The founder and frontman for much-missed indie-rockers Clem Snide, the now Nashville-based Eef Barzelay is one of the past decade's very best songwriters, a sardonic, penetrating lyricist with a gift for deadpan laugh lines and lilting melodies.

Lose Big is Barzelay's second solo album and first since his band's official dissolution. It might be his most personal, self-directed album, something suggested by the decision to name the album after "Lose Big," a rueful, downbeat anthem about the struggle to make it as a musician and keep a relationship together.

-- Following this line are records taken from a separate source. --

(* Let $R$ be a number ring, $I$ a non-zero ideal of $R$ and $\mathfrak p$ a maximal ideal of $R$. Then $N(\mathfrak p I)\geq N(I)N(\mathfrak p)$.
   Context: A number ring is a subring of a number field (a finite extension of $\mathbb{Q}$). For a non-zero ideal $I$ of $R$, $N(I)=[R:I]$ is its (finite) index as an additive subgroup. *)

From HB Require Import structures.
From mathcomp Require Import all_boot all_order all_algebra all_field.
Set Implicit Arguments. Unset Strict Implicit. Unset Printing Implicit Defensive.
Import GRing.Theory.
Local Open Scope ring_scope.

Section NumberRing.
Variable L : fieldExtType rat.

Definition is_subring (R : L -> Prop) : Prop :=
  [/\ R 1, (forall x y, R x -> R y -> R (x - y)) &
      (forall x y, R x -> R y -> R (x * y))].

Definition is_ideal (R I : L -> Prop) : Prop :=
  [/\ (forall x, I x -> R x), I 0,
      (forall x y, I x -> I y -> I (x - y)) &
      (forall r x, R r -> I x -> I (r * x))].

Definition nonzero_ideal (I : L -> Prop) : Prop := exists x, I x /\ x != 0.

Definition maximal_ideal (R P : L -> Prop) : Prop :=
  [/\ is_ideal R P, ~ P 1 &
      forall J, is_ideal R J -> (forall x, P x -> J x) ->
        (forall x, J x -> P x) \/ J 1].

Definition prod_ideal (P I : L -> Prop) : L -> Prop :=
  fun z => exists s : seq (L * L),
    (forall ab, ab \in s -> P ab.1 /\ I ab.2) /\
    z = \sum_(ab <- s) ab.1 * ab.2.

(* [R : I] = n as additive groups: there are exactly n cosets of I in R,
   witnessed by a complete system r_0, ..., r_(n-1) of distinct coset
   representatives. *)
Definition has_index (R I : L -> Prop) (n : nat) : Prop :=
  exists r : 'I_n -> L,
    [/\ (forall i, R (r i)),
        (forall i j, I (r i - r j) -> i = j) &
        (forall x, R x -> exists i, I (x - r i))].

End NumberRing.

(* Since R/I is finite, I contains a positive integer m.  The quotient R/mR
   is finite: for a prime l, elements of R that are linearly independent
   modulo lR over F_l are, by descent, linearly independent over Q, so there
   are at most [L : Q] of them, and a maximal such family spans R/lR.  Hence
   I is a finitely generated R-module, and the determinant trick (Nakayama)
   gives some y in I outside PI, P being proper.  The elements a + b y, with
   a running through representatives of R/I and b through representatives
   of R/P, are pairwise incongruent modulo PI: a congruence forces a = a'
   modulo I, and then (b - b') y lies in PI, which by maximality of P is
   only possible if b - b' lies in P. *)

From mathcomp Require Import all_boot all_order all_algebra all_field.
From mathcomp Require Import ring.
From Stdlib Require Import Classical.
Set Implicit Arguments. Unset Strict Implicit. Unset Printing Implicit Defensive.
Import GRing.Theory Num.Theory.
Local Open Scope ring_scope.

Section SubringIdeal.
Variables (L : fieldExtType rat) (R : L -> Prop).
Hypothesis hR : is_subring R.

Lemma subring1 : R 1. Proof. by case: hR. Qed.

Lemma subringB x y : R x -> R y -> R (x - y). Proof. by case: hR => _ + _; apply. Qed.

Lemma subringM x y : R x -> R y -> R (x * y). Proof. by case: hR => _ _; apply. Qed.

Lemma subring0 : R 0. Proof. by rewrite -(subrr 1); apply: subringB; apply: subring1. Qed.

Lemma subringN x : R x -> R (- x).
Proof. by move=> Rx; rewrite -sub0r; apply: subringB => //; apply: subring0. Qed.

Lemma subringD x y : R x -> R y -> R (x + y).
Proof. by move=> Rx Ry; rewrite -[y]opprK; apply: subringB => //; apply: subringN. Qed.

Lemma subring_sum (I : Type) (r : seq I) (Q : pred I) (F : I -> L) :
  (forall i, Q i -> R (F i)) -> R (\sum_(i <- r | Q i) F i).
Proof. by apply: big_ind; [apply: subring0 | apply: subringD]. Qed.

Lemma subring_prod (I : Type) (r : seq I) (Q : pred I) (F : I -> L) :
  (forall i, Q i -> R (F i)) -> R (\prod_(i <- r | Q i) F i).
Proof. by apply: big_ind; [apply: subring1 | apply: subringM]. Qed.

Lemma subring_nat n : R n%:R.
Proof. by rewrite -[n]card_ord -sumr_const; apply: subring_sum => _ _; apply: subring1. Qed.

Lemma subring_int (z : int) : R z%:~R.
Proof. by case: z => n; rewrite ?NegzE ?mulrNz; [|apply: subringN]; apply: subring_nat. Qed.

Lemma subringMz x (z : int) : R x -> R (x *~ z).
Proof. by move=> Rx; rewrite -mulrzr; apply: subringM => //; apply: subring_int. Qed.

Lemma subringX x n : R x -> R (x ^+ n).
Proof. by move=> Rx; rewrite -[n]card_ord -prodr_const; apply: subring_prod. Qed.

Variable J : L -> Prop.
Hypothesis hJ : is_ideal R J.

Lemma ideal_subring x : J x -> R x. Proof. by case: hJ => + _ _ _; apply. Qed.

Lemma ideal0 : J 0. Proof. by case: hJ. Qed.

Lemma idealB x y : J x -> J y -> J (x - y). Proof. by case: hJ => _ _ + _; apply. Qed.

Lemma ideal_mull r x : R r -> J x -> J (r * x). Proof. by case: hJ => _ _ _; apply. Qed.

Lemma ideal_mulr r x : R r -> J x -> J (x * r).
Proof. by move=> Rr Jx; rewrite mulrC; apply: ideal_mull. Qed.

Lemma idealN x : J x -> J (- x).
Proof. by move=> Jx; rewrite -sub0r; apply: idealB => //; apply: ideal0. Qed.

Lemma idealD x y : J x -> J y -> J (x + y).
Proof. by move=> Jx Jy; rewrite -[y]opprK; apply: idealB => //; apply: idealN. Qed.

Lemma ideal_sum (I : Type) (r : seq I) (Q : pred I) (F : I -> L) :
  (forall i, Q i -> J (F i)) -> J (\sum_(i <- r | Q i) F i).
Proof. by apply: big_ind; [apply: ideal0 | apply: idealD]. Qed.

Lemma ideal_subr_trans x y z : J (x - y) -> J (z - y) -> J (x - z).
Proof.
move=> Jxy Jzy; have -> : x - z = (x - y) - (z - y) by ring.
exact: idealB.
Qed.

End SubringIdeal.

Lemma rat_clear_denominators (I : finType) (k : I -> rat) :
  exists2 D : int, D != 0 & exists c : I -> int, forall i, k i * D%:~R = (c i)%:~R.
Proof.
exists (\prod_i denq (k i)); first by apply/prodf_neq0 => i _; apply: denq_neq0.
exists (fun i => numq (k i) * \prod_(j | j != i) denq (k j)) => i.
by rewrite (bigD1 i) //= !intrM mulrA numqE.
Qed.

Lemma fieldExt_mulrn_eq0 (L : fieldExtType rat) (x : L) n :
  (x *+ n == 0) = (n == 0%N) || (x == 0).
Proof. by rewrite -scaler_nat scaler_eq0 pnatr_eq0. Qed.

Section FreeModPrime.
Variables (L : fieldExtType rat) (R : L -> Prop).
Hypothesis hR : is_subring R.
Variable l : nat.
Hypothesis l_prime : prime l.

Definition zcomb (y : seq L) (c : nat -> int) : L := \sum_(i < size y) y`_i *~ c i.

(* The images of [y] in [R / l R] are linearly independent over [F_l]. *)
Definition free_mod (y : seq L) := forall c : nat -> int,
  (exists2 r, R r & zcomb y c = r *+ l) -> forall i : 'I_(size y), (l%:Z %| c i)%Z.

Lemma zcombMn y c k : zcomb y (fun i => c i * k%:Z) = zcomb y c *+ k.
Proof. by rewrite /zcomb -sumrMnl; apply: eq_bigr => i _; rewrite mulrzA. Qed.

Lemma zcomb_rcons y x c : zcomb (rcons y x) c = zcomb y c + x *~ c (size y).
Proof.
rewrite /zcomb size_rcons big_ord_recr /= nth_rcons ltnn eqxx; congr (_ + _).
by apply: eq_bigr => i _; rewrite nth_rcons ltn_ord.
Qed.

(* Descent: a relation whose coefficients are all divisible by [l] can be
   divided by [l]. *)
Lemma free_mod_dvdz y c k : free_mod y -> zcomb y c = 0 ->
  forall i : 'I_(size y), ((l ^ k)%:Z %| c i)%Z.
Proof.
move=> fy; elim: k c => [|k IHk] c c0 i; first by rewrite expn0 dvd1z.
have l_c (j : 'I_(size y)) : (l%:Z %| c j)%Z.
  by apply: fy; exists 0; [apply: subring0 | rewrite c0 mul0rn].
pose c' j := (c j %/ l%:Z)%Z.
have c'0 : zcomb y c' = 0.
  have : zcomb y c' *+ l = 0.
    by rewrite -zcombMn -c0; apply: eq_bigr => j _; rewrite divzK.
  by move/eqP; rewrite fieldExt_mulrn_eq0 gtn_eqF ?prime_gt0 // => /eqP.
rewrite -(divzK (l_c i)) expnSr PoszM; apply: dvdz_mul (IHk _ c'0 i) _.
exact: dvdzz.
Qed.

Lemma free_mod_zcomb_eq0 y c : free_mod y -> zcomb y c = 0 ->
  forall i : 'I_(size y), c i = 0.
Proof.
move=> fy c0 i; apply/eqP; rewrite -absz_eq0 -leqn0 leqNgt; apply/negP => ci_gt0.
have := dvdn_leq ci_gt0 (free_mod_dvdz `|c i| fy c0 i).
by rewrite leqNgt ltn_expl ?prime_gt1.
Qed.

Lemma free_mod_free y : free_mod y -> free y.
Proof.
move=> fy; suff: free (in_tuple y) by []; apply/freeP => k k0 i.
have [D D0 [c kc]] := rat_clear_denominators k.
pose c' n := if insub n is Some j then c j else 0.
have c'0 : zcomb y c' = 0.
  rewrite -(scaler0 _ D%:~R) -k0 scaler_sumr; apply: eq_bigr => j _ /=.
  by rewrite /c' valK -scaler_int -kc scalerA mulrC.
have := free_mod_zcomb_eq0 fy c'0 i; rewrite /c' valK.
move/(congr1 (fun z : int => z%:~R : rat)).
by rewrite -kc => /eqP; rewrite mulf_eq0 intr_eq0 (negbTE D0) orbF => /eqP.
Qed.

Lemma free_mod_size y : free_mod y -> (size y <= \dim {:L})%N.
Proof. by move=> /free_mod_free /eqP <-; apply: dimvS; apply: subvf. Qed.

End FreeModPrime.

Section Residues.
Variables (L : fieldExtType rat) (R : L -> Prop).
Hypothesis hR : is_subring R.

Definition congr_mod (m : nat) (x y : L) := exists2 r, R r & x - y = r *+ m.

Definition residue_cover (m : nat) (T : seq L) :=
  forall x, R x -> exists2 t, t \in T & congr_mod m x t.

Lemma congr_mod_trans m x y z : congr_mod m x y -> congr_mod m y z -> congr_mod m x z.
Proof.
move=> [r Rr xy] [r' Rr' yz]; exists (r + r'); first exact: (subringD hR).
by rewrite mulrnDl -xy -yz; ring.
Qed.

Lemma zcomb_reduce_mod y d m : {in y, forall z, R z} -> (0 < m)%N ->
  exists f : {ffun 'I_(size y) -> 'I_m},
    congr_mod m (zcomb y d) (\sum_(i < size y) y`_i *+ f i).
Proof.
move=> Ry m_gt0; have m0 : m%:Z != 0 by rewrite eqz_nat -lt0n.
have d_mod_ge0 j : 0 <= (d j %% m%:Z)%Z by apply: modz_ge0.
have d_mod_lt j : (`|(d j %% m%:Z)%Z| < m)%N.
  by rewrite -ltz_nat gez0_abs // ltz_pmod // ltz_nat.
exists [ffun j : 'I_(size y) => Ordinal (d_mod_lt j)].
exists (\sum_(j < size y) y`_j *~ (d j %/ m%:Z)%Z).
  apply: (subring_sum hR) => j _; apply: (subringMz hR); apply: Ry; exact: mem_nth.
rewrite /zcomb -sumrB -sumrMnl; apply: eq_bigr => j _; rewrite ffunE /=.
rewrite pmulrn gez0_abs // {1}(divz_eq (d j) m%:Z); ring.
Qed.

Lemma residue_cover_mul a b Ta Tb : residue_cover a Ta -> residue_cover b Tb ->
  residue_cover (a * b) [seq ta + tb *+ a | ta <- Ta, tb <- Tb].
Proof.
move=> covA covB x Rx; have [ta Ta_ta [r Rr xta]] := covA x Rx.
have [tb Tb_tb [r' Rr' rtb]] := covB r Rr.
exists (ta + tb *+ a); first exact: allpairs_f.
by exists r' => //; rewrite mulnC mulrnA -rtb mulrnBl -xta; ring.
Qed.

Section Prime.
Variable l : nat.
Hypothesis l_prime : prime l.

Lemma exists_maximal_free_mod : exists y : seq L,
  [/\ {in y, forall z, R z}, free_mod R l y & forall x, R x -> ~ free_mod R l (rcons y x)].
Proof.
apply: NNPP => no_max.
have grow k : exists y : seq L, [/\ size y = k, {in y, forall z, R z} & free_mod R l y].
  elim: k => [|k [y [<- Ry fy]]]; first by exists [::]; split => // c _ [].
  have [x Rx fyx] : exists2 x, R x & free_mod R l (rcons y x).
    apply: NNPP => no_x; apply: no_max; exists y; split => // x Rx fyx.
    by apply: no_x; exists x.
  exists (rcons y x); split => //; first by rewrite size_rcons.
  by move=> z; rewrite mem_rcons inE => /predU1P [-> //|]; apply: Ry.
have [y [size_y _ fy]] := grow (\dim {:L}).+1.
by have := free_mod_size hR l_prime fy; rewrite size_y ltnn.
Qed.

Lemma not_free_mod_rcons y x : {in y, forall z, R z} -> free_mod R l y -> R x ->
  ~ free_mod R l (rcons y x) -> exists d : nat -> int, congr_mod l x (zcomb y d).
Proof.
move=> Ry fy Rx not_fyx.
have [c [[r Rr yxc] [i l_ci]]] : exists c, (exists2 r, R r & zcomb (rcons y x) c = r *+ l) /\
    exists i : 'I_(size (rcons y x)), ~ (l%:Z %| c i)%Z.
  apply: NNPP => H; apply: not_fyx => c yxc i; apply: NNPP => l_ci.
  by apply: H; exists c; split => //; exists i.
rewrite zcomb_rcons in yxc.
have yc : zcomb y c = r *+ l - x *~ c (size y) by rewrite -yxc addrK.
have l_cx : ~ (l%:Z %| c (size y))%Z.
  move=> l_cx; apply: l_ci.
  have l_cy : forall j : 'I_(size y), (l%:Z %| c j)%Z.
    apply: fy; exists (r - x *~ (c (size y) %/ l%:Z)%Z).
      by apply: (subringB hR) => //; apply: (subringMz hR).
    by rewrite yc -{1}[c (size y)](divzK l_cx); ring.
  have : (i < (size y).+1)%N by rewrite -(size_rcons y x).
  rewrite ltnS leq_eqVlt => /predU1P [-> //|lt_i_y].
  exact: (l_cy (Ordinal lt_i_y)).
(* The coefficient of [x] is prime to [l], so it is invertible modulo [l]. *)
have [u [v uv1]] := Bezoutz (c (size y)) l%:Z.
have cop : gcdz (c (size y)) l%:Z = 1.
  by apply/eqP; rewrite -/(coprimez _ _) coprimezE coprime_sym prime_coprime //; apply/negP.
rewrite cop in uv1.
exists (fun j => - (c j * u)), (r *~ u + x *~ v).
  by apply: (subringD hR); apply: (subringMz hR).
have -> : zcomb y (fun j => - (c j * u)) = - zcomb y c *~ u.
  by rewrite /zcomb -sumrN mulrz_suml; apply: eq_bigr => j _; rewrite mulrNz mulrzA mulNrz.
by rewrite -{1}[x]mulr1z -uv1 yc; ring.
Qed.

Lemma residue_cover_prime : exists T, residue_cover l T.
Proof.
have [y [Ry fy maxy]] := exists_maximal_free_mod.
pose comb (f : {ffun 'I_(size y) -> 'I_l}) := \sum_(i < size y) y`_i *+ f i.
exists (codom comb) => x Rx.
have [d xd] := not_free_mod_rcons Ry fy Rx (maxy x Rx).
have [f df] := zcomb_reduce_mod d Ry (prime_gt0 l_prime).
by exists (comb f); [apply: codom_f | apply: congr_mod_trans xd df].
Qed.

End Prime.

Lemma residue_cover_pos m : (0 < m)%N -> exists T, residue_cover m T.
Proof.
elim/ltn_ind: m => m IHm m_gt0; have [m_gt1|m_le1] := ltnP 1 m; last first.
  have -> : m = 1%N by apply/eqP; rewrite eqn_leq m_le1.
  by exists [:: 0] => x Rx; exists 0; rewrite ?mem_head //; exists x; rewrite ?subr0.
have l_prime := pdiv_prime m_gt1; have l_gt0 := prime_gt0 l_prime.
have [Tl covl] := residue_cover_prime l_prime.
have q_gt0 : (0 < m %/ pdiv m)%N by rewrite divn_gt0 // dvdn_leq // pdiv_dvd.
have [Tq covq] := IHm _ (ltn_Pdiv (prime_gt1 l_prime) m_gt0) q_gt0.
rewrite -(divnK (pdiv_dvd m)) mulnC.
by eexists; apply: residue_cover_mul covl covq.
Qed.
End Residues.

The song offers snapshots ranging from the darkly comic (a female fan buys him drinks after a show and he talks her ear off about his partner back home) to the dark.

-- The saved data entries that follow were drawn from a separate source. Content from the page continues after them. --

Lemma diff_alongM f g x v df dg :
  diff_along f x v df -> diff_along g x v dg ->
  diff_along (fun p => f p * g p) x v (f x * dg + g x * df).
Proof. by move=> [fx <-] [gx <-]; split; [exact: differentiableM | rewrite diffM]. Qed.

Lemma diff_alongV f x v df : f x != 0 ->
  diff_along f x v df -> diff_along (fun p => (f p)^-1) x v (- df / f x ^+ 2).
Proof.
move=> fx0 [fx <-]; split; first exact: differentiableV.
by rewrite diffV //= mulNr mulrC scaleNr.
Qed.

Lemma diff_along_comp f (h : R -> R) x v df dh :
  diff_along f x v df -> is_derive (f x) 1 h dh ->
  diff_along (fun p => h (f p)) x v (dh * df).
Proof.
move=> [fx <-] hd; have h_der : derivable h (f x) 1 by case: hd.
have hx : differentiable h (f x) by apply/derivable1_diffP.
split; first exact: differentiable_comp.
by rewrite (diff_comp fx hx) /= (deriv1E h_der) /= derive1E derive_val mulrC.
Qed.

Lemma diff_along_sin f x v df :
  diff_along f x v df -> diff_along (fun p => sin (f p)) x v (cos (f x) * df).
Proof. by move/diff_along_comp; apply; exact: is_derive_sin. Qed.

Lemma diff_along_cos f x v df :
  diff_along f x v df -> diff_along (fun p => cos (f p)) x v (- sin (f x) * df).
Proof. by move/diff_along_comp; apply; exact: is_derive_cos. Qed.

Lemma diff_along_expR f x v df :
  diff_along f x v df -> diff_along (fun p => expR (f p)) x v (expR (f x) * df).
Proof. by move/diff_along_comp; apply; exact: is_derive_expR. Qed.

Lemma diff_along_sqrt f x v df : 0 < f x ->
  diff_along f x v df ->
  diff_along (fun p => Num.sqrt (f p)) x v ((2 * Num.sqrt (f x))^-1 * df).
Proof. by move=> fx_gt0 /diff_along_comp; apply; exact: is_derive1_sqrt. Qed.
End DiffAlongReal.

Lemma diff_along_crd (R : realType) (x v : 'rV[R]_5) k :
  diff_along (fun p => crd p k) x v (crd v k).
Proof.
have @f : {linear 'rV[R]_5 -> R}.
  by exists (fun N : 'rV[R]_5 => N ord0 (inord k)); do 2![eexists]; do ?[constructor];
     rewrite ?mxE// => ? *; rewrite ?mxE//; move=> ?; rewrite !mxE.
rewrite /crd (_ : (fun _ => _) = f) //.
have f_cont : continuous f by exact: coord_continuous.
by split; [exact/linear_differentiable | rewrite diff_lin].
Qed.

Lemma crd_row (R : realType) (l : seq R) k : (k < 5)%N ->
  crd (\row_(j < 5) l`_j) k = l`_k.
Proof. by move=> k_lt5; rewrite /crd mxE inordK. Qed.

Lemma crd_eq0 (R : realType) (v : 'rV[R]_5) :
  crd v 0 = 0 -> crd v 1 = 0 -> crd v 2 = 0 -> crd v 3 = 0 -> crd v 4 = 0 -> v = 0.
Proof.
move=> v0 v1 v2 v3 v4; apply/matrixP => j k; rewrite [j]ord1 mxE -[k]inord_val.
by case: k => [[|[|[|[|[|]]]]] ?].
Qed.

Section ExpiClosedForm.
Variables (R : realType) (i : nat).
Implicit Types p : 'rV[R]_5.

Definition tilt : R := if i == 1%N then 1 else 0.
Definition y1 p := crd p 4 * crd p 0 / 2.
Definition y2 p := crd p 4 * crd p 2 / 2.
Definition y3 p := crd p 4 * (crd p 3 - tilt * crd p 1) / 2.
Definition rho p := Num.sqrt (y1 p ^+ 2 + y2 p ^+ 2 + y3 p ^+ 2).
(* At rho p = 0 this is 0, not 1; harmless, since then y1 p = y2 p = y3 p = 0. *)
Definition sinc p := sin (rho p) / rho p.
Definition theta p := crd p 4 * crd p 3 / 2.
Definition tau p := crd p 4 * crd p 1.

The album leads off with "Could Be Worse," which finds the singer apologizing to a significant other for bumming out her party guests. "Please forgive me if I leave you feeling uninspired," Barzelay sings. "My only pleasure is to make that bubble burst/I can't find comfort in the fact that it could be worse."

The following "The Girls Don't Care" ropes Barzelay's (male) fans into the introspection and self-deprecation, offering a litany of romantic advice for the kind of brainy hipster guy Barzelay recognizes all too clearly: "Don't quote Five Easy Pieces/Tivo Cool Hand Luke/Don't talk about how God is dead and love is just a fluke ... the girls don't care."

This doesn't mean Barzelay has foregone fictional narrators on Lose Big. Often on these songs, there's a thin line between hushed empathy and knife-twisting critique. (Among the most memorable, "Ballad of Bitter Honey," off Barzelay's previous solo album, the fierce first-person account of a hip-hop "video ho.")

Barzelay's tone and perspective are often shifty. On "True Freedom," a spiritually oriented love paean is gradually revealed to be the musings of a kid at a church function when "youth minister Ted" interrupts the protagonist's monologue. But this comic twist subtly gives way to something potentially more sinister.

— Chris Herrington

Grade: B+

Eef Barzelay plays the Hi-Tone Café Friday, June 20th, with Oracle & the Mountain. Doors open at 9 p.m. Admission is $10.